Alors que la période est habituellement marquée par la présence de l’harmattan, plusieurs zones du pays continuent d’enregistrer des pluies inhabituelles, plongeant le monde paysan dans une certaine perplexité. Cette situation, loin d’être anodine, s’explique par des mécanismes atmosphériques bien identifiés par les services météorologiques.
Selon l’Agence nationale de la météorologie (ANAMET), ces précipitations relèvent des pluies hors saison, provoquées par une configuration atmosphérique particulière dominée par la persistance des vents du sud, appelés la mousson. Ces vents humides ralentissent, voire bloquent, la progression de l’harmattan, ce vent sec en provenance du nord.

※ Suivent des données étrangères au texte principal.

Lemma cross_of_angle (v w : C) (theta : R) : v <> 0 ->
  RtoC (Cmod v) * w = RtoC (Cmod w) * (cos theta, sin theta) * v ->
  (fst v * snd w - snd v * fst w = Cmod v * Cmod w * sin theta)%R.
Proof.
  intros Hv Hang; pose proof (Cmod_neq0 v Hv) as Hm; pose proof (Cmod_sqr v) as Hm2.
  destruct v as [v1 v2], w as [w1 w2]; injection Hang as A1 A2; simpl in A1, A2 |- *.
  apply Rmult_eq_reg_l with (Cmod (v1, v2)); [| exact Hm].
  transitivity (v1 * (Cmod (v1, v2) * w2 + 0 * w1) - v2 * (Cmod (v1, v2) * w1 - 0 * w2))%R; [ring |].
  rewrite A1, A2; transitivity (Cmod (w1, w2) * sin theta * Cmod (v1, v2) ^ 2)%R; [rewrite Hm2; unfold Cnorm2; simpl; ring | ring].
Qed.

Lemma trace_holonomy_mx (l : R) (v w : C) (theta : R) : v <> 0 -> w <> 0 ->
  RtoC (Cmod v) * w = RtoC (Cmod w) * (cos theta, sin theta) * v ->
  fst (holonomy_mx l v w) + Cconj (fst (holonomy_mx l v w))
  = RtoC (2 - 4 * (sinh (Cmod v / (2 * l)) * sinh (Cmod w / (2 * l)) * sin theta) ^ 2).
Proof.
  intros Hv Hw Hang.
  unfold holonomy_mx; rewrite trace_commutator; try apply su11_segment_mx; auto; try (simpl; ring).
  do 2 f_equal; unfold segment_mx; simpl.
  pose proof (Cmod_neq0 v Hv); pose proof (Cmod_neq0 w Hw).
  replace (sin theta) with ((fst v * snd w - snd v * fst w) / (Cmod v * Cmod w))%R
    by (rewrite (cross_of_angle v w theta Hv Hang); field; auto).
  rewrite !Rmult_1_r; field; auto.
Qed.

End Holonomy.

Theorem mainTheorem6 (l : R) (v w : C) (theta : R) :
  0 < l -> v <> RtoC 0 -> w <> RtoC 0 ->
  0 < theta < PI ->
  Cmult (RtoC (Cmod v)) w = Cmult (Cmult (RtoC (Cmod w)) (cos theta, sin theta)) v ->
  let s := sinh (Cmod v / (2 * l)) * sinh (Cmod w / (2 * l)) * sin theta in
  exists alpha beta : C,
    Cmod alpha ^ 2 - Cmod beta ^ 2 = 1 /\
    Cplus alpha (Cconj alpha) = RtoC (2 - 4 * s ^ 2) /\
    (forall z0 z4 : C, on_circle z0 ->
       (prytz_holonomy l v w z0 z4 <-> z4 = mobius alpha beta z0)) /\
    (1 < s ->
       exists p q : C, p <> q /\
         (forall x : C, on_circle x ->
            (prytz_holonomy l v w x x <-> x = p \/ x = q)) /\
         attracting_on_circle (mobius alpha beta) p /\
         repelling_on_circle (mobius alpha beta) q) /\
    (s < 1 -> forall x : C, on_circle x -> ~ prytz_holonomy l v w x x).
Proof.
  intros Hl Hv Hw Htheta Hang s.
  set (M := holonomy_mx l v w).
  pose proof (su11_holonomy_mx l v w Hv Hw) as HM.
  pose proof (trace_holonomy_mx l v w theta Hv Hw Hang) as Htr.
  pose proof (fun z0 z4 => prytz_holonomyE l v w z0 z4 Hl Hv Hw) as Hhol.
  fold M s in HM, Htr, Hhol; clearbody M.
  assert (Hre : fst (fst M) = 1 - 2 * s ^ 2) by (apply (f_equal fst) in Htr; simpl in Htr; lra).
  assert (Hs : 0 < s).
  { assert (Hsinh : forall x, 0 < x -> 0 < sinh x) by (intros x Hx; rewrite <- sinh_0; apply sinh_lt, Hx).
    unfold s; apply Rmult_lt_0_compat; [apply Rmult_lt_0_compat | apply sin_gt_0; lra];
      apply Hsinh, Rdiv_lt_0_compat; try apply Cmod_gt_0; auto; lra. }
  exists (fst M), (snd M); split; [exact HM | split; [exact Htr | split; [exact Hhol | split]]].
  - intros Hs1; destruct (act_hyperbolic M HM) as (p & q & Hpq & Hfix & Hp & Hq).
    { rewrite Hre; assert (1 < s * s) by nra; simpl; nra. }
    exists p, q; split; [exact Hpq | split; [| split; assumption]].
    intros x Hx; rewrite (Hhol x x Hx), <- (Hfix x Hx); split; auto.
  - intros Hs1 x Hx Hx_fix; rewrite (Hhol x x Hx) in Hx_fix.
    apply (act_no_fixpoint M x HM); [| exact Hx | symmetry; exact Hx_fix].
    rewrite Hre; assert (0 < s * s < 1) by (split; nra); simpl; nra.
Qed.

Pour le directeur général de l’ANAMET, Dr Issaou Latifou, il ne s’agit nullement d’un phénomène anormal.
« Ce n’est pas une anomalie. Il y a toujours les vents du sud (la mousson) qui entrainent ces pluies par endroit et qui sont hors saison et qui empêchent la descente de l’harmattan, ce vent du nord », explique-t-il au micro de nos confrères de “Agridigitale”.
L’expert précise également que l’harmattan n’affecte pas uniformément l’ensemble du territoire.

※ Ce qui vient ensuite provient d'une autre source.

(* For every tree $T$, the skew token sliding graph $\mathcal{Z}^{\mathrm{TS}}_-(T)$ contains no edges.
   Context: Skew forcing: vertices are colored blue or white; if any vertex $u$ (blue or white) has exactly one white neighbor $v$, then $u$ may force $v$ to become blue. A skew forcing set is a (possibly empty) set of initially blue vertices from which repeated application of this rule turns every vertex blue; $\mathrm{Z}_-(G)$ is the minimum size of a skew forcing set. $\mathcal{Z}^{\mathrm{TS}}_-(G)$ has as vertices the minimum skew forcing sets of $G$, with $S_1S_2$ an edge iff $S_1\setminus S_2=\{v_1\}$, $S_2\setminus S_1=\{v_2\}$ and $v_1v_2\in E(G)$. *)

From mathcomp Require Import all_boot.
Set Implicit Arguments. Unset Strict Implicit. Unset Printing Implicit Defensive.

Definition simple_graph (T : finType) (e : rel T) : Prop :=
  symmetric e /\ irreflexive e.

Definition edge_set (T : finType) (e : rel T) : {set {set T}} :=
  [set [set x; y] | x in T, y in T & e x y].

Definition is_tree (T : finType) (e : rel T) : Prop :=
  [/\ simple_graph e, 0 < #|T|,
      (forall x y : T, connect e x y) &
      #|edge_set e| = #|T| - 1].

(* Skew forcing rule: u (any color) with exactly one white neighbour v
   (v the only neighbour of u outside the blue set B) forces v. *)
Definition skew_force (T : finType) (e : rel T) (B : {set T}) (u v : T) : bool :=
  [&& e u v, v \notin B & [forall w, (e u w && (w != v)) ==> (w \in B)]].

Inductive skew_reach (T : finType) (e : rel T) : {set T} -> Prop :=
| skew_reach_all : skew_reach e [set: T]
| skew_reach_step (B : {set T}) (u v : T) :
    skew_force e B u v -> skew_reach e (v |: B) -> skew_reach e B.

Definition skew_forcing_set (T : finType) (e : rel T) (S : {set T}) : Prop :=
  skew_reach e S.

Definition min_skew_forcing_set (T : finType) (e : rel T) (S : {set T}) : Prop :=
  skew_forcing_set e S /\
  forall S' : {set T}, skew_forcing_set e S' -> #|S| <= #|S'|.

Definition skew_TS_adj (T : finType) (e : rel T) (S1 S2 : {set T}) : Prop :=
  min_skew_forcing_set e S1 /\ min_skew_forcing_set e S2 /\
  exists v1 v2 : T,
    [/\ S1 :\: S2 = [set v1], S2 :\: S1 = [set v2] & e v1 v2].

(* Let S1, S2 be minimum skew forcing sets with S1 = v1 |: S, S2 = v2 |: S and
   v1 v2 an edge, and run skew forcing from S until it stalls at a set C. If v1
   or v2 is in C, then C contains S1 or S2, so S is a skew forcing set smaller
   than S1. Otherwise the white vertices with a white neighbour form a nonempty
   set Q; since no force is available, every vertex of Q has two neighbours in
   Q, so Q induces at least |Q| edges, whereas in a tree every nonempty vertex
   set induces fewer edges than it has vertices. *)

From mathcomp Require Import all_boot zify.

Set Implicit Arguments.
Unset Strict Implicit.
Unset Printing Implicit Defensive.

Lemma cardsC_setU1 (T : finType) (B : {set T}) v :
  v \notin B -> #|~: B| = #|~: (v |: B)|.+1.
Proof. by move=> vB; rewrite (cardsD1 v (~: B)) inE vB setDE setCU setIC. Qed.

Section SkewForcing.
Variables (T : finType) (e : rel T).

Lemma skew_reachS (B B' : {set T}) :
  B \subset B' -> skew_reach e B -> skew_reach e B'.
Proof.
move=> sBB' reachB; elim: reachB B' sBB' => [|{}B u v fuv _ IH] B' sBB'.
  suff -> : B' = setT by apply: skew_reach_all.
  by apply/eqP; rewrite eqEsubset subsetT.
case vB': (v \in B'); first by apply: IH; rewrite subUset sub1set vB'.
apply: (skew_reach_step (u := u) (v := v)); last by apply: IH; apply: setUS.
case/and3P: fuv => euv _ /forallP others; rewrite /skew_force euv vB' /=.
by apply/forallP => w; apply/implyP => /(implyP (others w)); apply: (subsetP sBB').
Qed.

Definition skew_stalled (C : {set T}) := forall u v, ~~ skew_force e C u v.

Lemma exists_skew_closure (B : {set T}) :
  exists2 C : {set T}, B \subset C &
    skew_stalled C /\ (skew_reach e C -> skew_reach e B).
Proof.
move: {2}#|~: B| (leqnn #|~: B|) => n; elim: n B => [|n IH] B.
  rewrite leqn0 cards_eq0 => /eqP coB0.
  have -> : B = setT by rewrite -[B]setCK coB0 setC0.
  by exists setT => //; split=> // u v; rewrite /skew_force in_setT andbF.
move=> cardB.
have [stalled | ] := boolP [forall u, forall v, ~~ skew_force e B u v].
  by exists B => //; split=> // u v; apply: (forallP (forallP stalled u) v).
rewrite negb_forall => /existsP[u]; rewrite negb_forall => /existsP[v].
rewrite negbK => fuv.
have vB : v \notin B by case/and3P: fuv.
have [|C sBC [stalledC reachC]] := IH (v |: B).
  by rewrite (cardsC_setU1 vB) ltnS in cardB.
exists C; first by apply: subset_trans sBC; apply: subsetUr.
by split=> // /reachC; apply: skew_reach_step fuv.
Qed.

End SkewForcing.

Section InducedEdges.
Variables (T : finType) (e : rel T).

Definition induced_edges (X : {set T}) : {set {set T}} :=
  [set s in edge_set e | s \subset X].

Lemma edge_in_induced_edges (X : {set T}) x y :
  e x y -> x \in X -> y \in X -> [set x; y] \in induced_edges X.
Proof.
move=> exy xX yX; rewrite inE subUset !sub1set xX yX !andbT.
by apply/imset2P; exists x y; rewrite ?inE.
Qed.

Lemma induced_edgesS (X Y : {set T}) :
  X \subset Y -> induced_edges X \subset induced_edges Y.
Proof.
move=> sXY; apply/subsetP => s; rewrite !inE => /andP[-> sX].
exact: subset_trans sXY.
Qed.

Lemma eq_set2 (a b x y : T) :
  [set a; b] = [set x; y] -> (a, b) = (x, y) \/ (a, b) = (y, x).
Proof.
move=> ab_xy.
have : a \in [set x; y] by rewrite -ab_xy set21.
have : b \in [set x; y] by rewrite -ab_xy set22.
have : x \in [set a; b] by rewrite ab_xy set21.
have : y \in [set a; b] by rewrite ab_xy set22.
by rewrite !inE; do 4!case/orP=> /eqP ?; subst; auto.
Qed.

Lemma card_arcs_le (Q : {set T}) :
  #|[set p : T * T | [&& p.1 \in Q, p.2 \in Q & e p.1 p.2]]|
    <= 2 * #|induced_edges Q|.
Proof.
set D := [set p | _]; pose ends (p : T * T) := [set p.1; p.2].
have fiber_le2 s : s \in [set ends p | p in D] ->
    \sum_(p in D | ends p == s) 1 <= 2.
  case/imsetP => [[x y] _ ->]; rewrite sum1dep_card.
  have card_swaps : #|[set (x, y); (y, x)]| <= 2 by rewrite cards2 ltnS leq_b1.
  apply: leq_trans card_swaps; apply: subset_leq_card; apply/subsetP => -[a b].
  by rewrite !inE => /andP[_ /eqP/eq_set2[] ->]; rewrite eqxx ?orbT.
rewrite -sum1_card (partition_big_imset ends) /=.
apply: (@leq_trans (\sum_(s in [set ends p | p in D]) 2)); first exact: leq_sum.
rewrite sum_nat_const mulnC leq_mul2l.
apply/orP; right; apply: subset_leq_card; apply/subsetP => s /imsetP[p].
by rewrite inE => /and3P[p1Q p2Q ep] ->; apply: edge_in_induced_edges.
Qed.

Lemma card_le_induced_edges (Q : {set T}) :
  (forall q, q \in Q -> 1 < #|[set a in Q | e q a]|) ->
  #|Q| <= #|induced_edges Q|.
Proof.
move=> deg_ge2; rewrite -(leq_pmul2l (isT : 0 < 2)).
apply: leq_trans (card_arcs_le Q); rewrite mulnC -sum_nat_const.
apply: (@leq_trans (\sum_(q in Q) #|[set a in Q | e q a]|)); first exact: leq_sum.
under eq_bigr do rewrite -sum1dep_card.
by rewrite pair_big_dep sum1dep_card.
Qed.

Hypotheses (e_sym : symmetric e) (e_connected : forall x y, connect e x y).

Lemma connected_boundary_edge (X : {set T}) x0 z :
  x0 \in X -> z \notin X -> exists x y, [/\ x \in X, y \notin X & e x y].
Proof.
move=> x0X zX.
have [/existsP[x /existsP[y /and3P[xX yX exy]]]|none] :=
  boolP [exists x, exists y, [&& x \in X, y \notin X & e x y]].
  by exists x, y.
suff closedX : closed e (mem X).
  by move: zX; rewrite -(closed_connect closedX (e_connected x0 z)) x0X.
have inside x y : e x y -> x \in X -> y \in X.
  move=> exy xX; apply: contraNT none => yX.
  by apply/existsP; exists x; apply/existsP; exists y; rewrite xX yX exy.
by move=> x y exy; apply/idP/idP; apply: inside; rewrite // e_sym.
Qed.

(* Grow X along boundary edges: each added vertex adds at least one induced edge. *)
Lemma connected_induced_edges (X : {set T}) : X != set0 ->
  #|induced_edges X| + #|T| <= #|edge_set e| + #|X|.
Proof.
have full : #|induced_edges setT| + #|T| <= #|edge_set e| + #|[set: T]|.
  rewrite cardsT leq_add2r subset_leq_card //.
  by apply/subsetP => s; rewrite inE => /andP[].
move: {2}#|~: X| (leqnn #|~: X|) => n; elim: n X => [|n IH] X coX X0.
  move: coX; rewrite leqn0 cards_eq0 => /eqP coX0.
  by rewrite -[X]setCK coX0 setC0.
have [->//|] := eqVneq X setT; rewrite -subTset => /subsetPn[z _ zX].
case/set0Pn: X0 => x0 x0X.
have [x [y [xX yX exy]]] := connected_boundary_edge x0X zX.
have new_edge : #|induced_edges X| < #|induced_edges (y |: X)|.
  apply: proper_card; apply/properP; split; first exact/induced_edgesS/subsetUr.
  exists [set x; y]; first by apply: edge_in_induced_edges; rewrite ?inE ?eqxx ?xX ?orbT.
  by rewrite inE negb_and subUset !sub1set (negbTE yX) andbF orbT.
have coyX : #|~: (y |: X)| <= n by rewrite (cardsC_setU1 yX) ltnS in coX.
have yX0 : y |: X != set0 by apply/set0Pn; exists y; apply: setU11.
by have := IH _ coyX yX0; rewrite cardsU1 yX; lia.
Qed.

End InducedEdges.

Section Trees.
Variables (T : finType) (e : rel T).
Hypothesis e_tree : is_tree e.

Lemma tree_induced_edges_lt (X : {set T}) :
  X != set0 -> #|induced_edges e X| < #|X|.
Proof.
case: e_tree => -[e_sym _] T_gt0 e_connected card_edges X0.
by have := connected_induced_edges e_sym e_connected X0; rewrite card_edges; lia.
Qed.

Lemma tree_low_degree (Q : {set T}) :
  Q != set0 -> exists2 q, q \in Q & #|[set a in Q | e q a]| <= 1.
Proof.
move=> Q0; apply/exists_inP; apply: contraT; rewrite negb_exists_in.
move=> /forall_inP deg_ge2; have := tree_induced_edges_lt Q0.
by rewrite ltnNge card_le_induced_edges // => q /deg_ge2; rewrite ltnNge.
Qed.

Lemma tree_skew_stalled_edge (C : {set T}) u v :
  skew_stalled e C -> e u v -> (u \in C) || (v \in C).
Proof.
move=> stalledC euv; apply: contraT; rewrite negb_or => /andP[uC vC].
have e_sym : symmetric e by case: e_tree => -[].
set Q := [set w | (w \notin C) && [exists a, (a \notin C) && e w a]].
have inQ w a : w \notin C -> a \notin C -> e w a -> w \in Q.
  by move=> wC aC ewa; rewrite inE wC; apply/existsP; exists a; rewrite aC.
have [|q] := tree_low_degree (Q := Q); first by apply/set0Pn; exists u; apply: inQ euv.
rewrite inE => /andP[qC /existsP[a /andP[aC eqa]]]; rewrite leqNgt; case/negP.
have := stalledC q a; rewrite /skew_force eqa aC negb_forall => /existsP[b].
rewrite negb_imply => /andP[/andP[eqb ba] bC].
have aQ : a \in Q by apply: (inQ _ q); rewrite // e_sym.
have bQ : b \in Q by apply: (inQ _ q); rewrite // e_sym.
by apply/card_gt1P; exists a, b; rewrite inE aQ eqa inE bQ eqb eq_sym ba.
Qed.

End Trees.

Theorem theorem5p29 (T : finType) (e : rel T) :
  is_tree e -> forall S1 S2 : {set T}, ~ skew_TS_adj e S1 S2.
Proof.
move=> e_tree S1 S2 [[reach1 minS1] [[reach2 _] [v1 [v2 [S1_S2 S2_S1 ev]]]]].
set S := S1 :&: S2.
have v1S : v1 \notin S.
  by have := set11 v1; rewrite -S1_S2 !inE => /andP[/negbTE-> _]; rewrite andbF.
have S1E : S1 = v1 |: S by rewrite -[in LHS](setID S1 S2) S1_S2 setUC.
have S2E : S2 = v2 |: S by rewrite /S setIC -[in LHS](setID S2 S1) S2_S1 setUC.
have [C SC [stalledC reachC]] := exists_skew_closure e S.
have reachS : skew_reach e S.
  apply: reachC; case/orP: (tree_skew_stalled_edge e_tree stalledC ev) => [v1C|v2C].
    by apply: skew_reachS reach1; rewrite S1E subUset sub1set v1C.
  by apply: skew_reachS reach2; rewrite S2E subUset sub1set v2C.
by have := minS1 S reachS; rewrite S1E cardsU1 v1S add1n ltnn.
Qed.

« L’harmattan n’est que dans la région des savanes et une partie de la région de la Kara. Comme d’habitude, cette année également les régions des plateaux et de la région maritime n’ont pas encore ce vent. Donc c’est cette situation qui fait qu’on enregistre les pluies depuis décembre et qui continue actuellement », souligne Dr Issaou.
D’après les spécialistes, les interactions entre vents dominants, pressions atmosphériques et températures océaniques peuvent varier d’une année à une autre, rendant certains phénomènes difficiles à anticiper. Toutefois, les analyses actuelles ne sont guère optimistes quant à une installation durable de l’harmattan dans les régions méridionales.
« Même si ça doit venir, ce sera une journée et le front inter tropical remonte. Parce que c’est des phénomènes naturels qui ne sont pas prévisibles. Mais avec les analyses que nous avions pu faire, il serait difficile que l’harmattan atteigne cette année les régions des plateaux et maritimes », conclut le directeur général de l’ANAMET.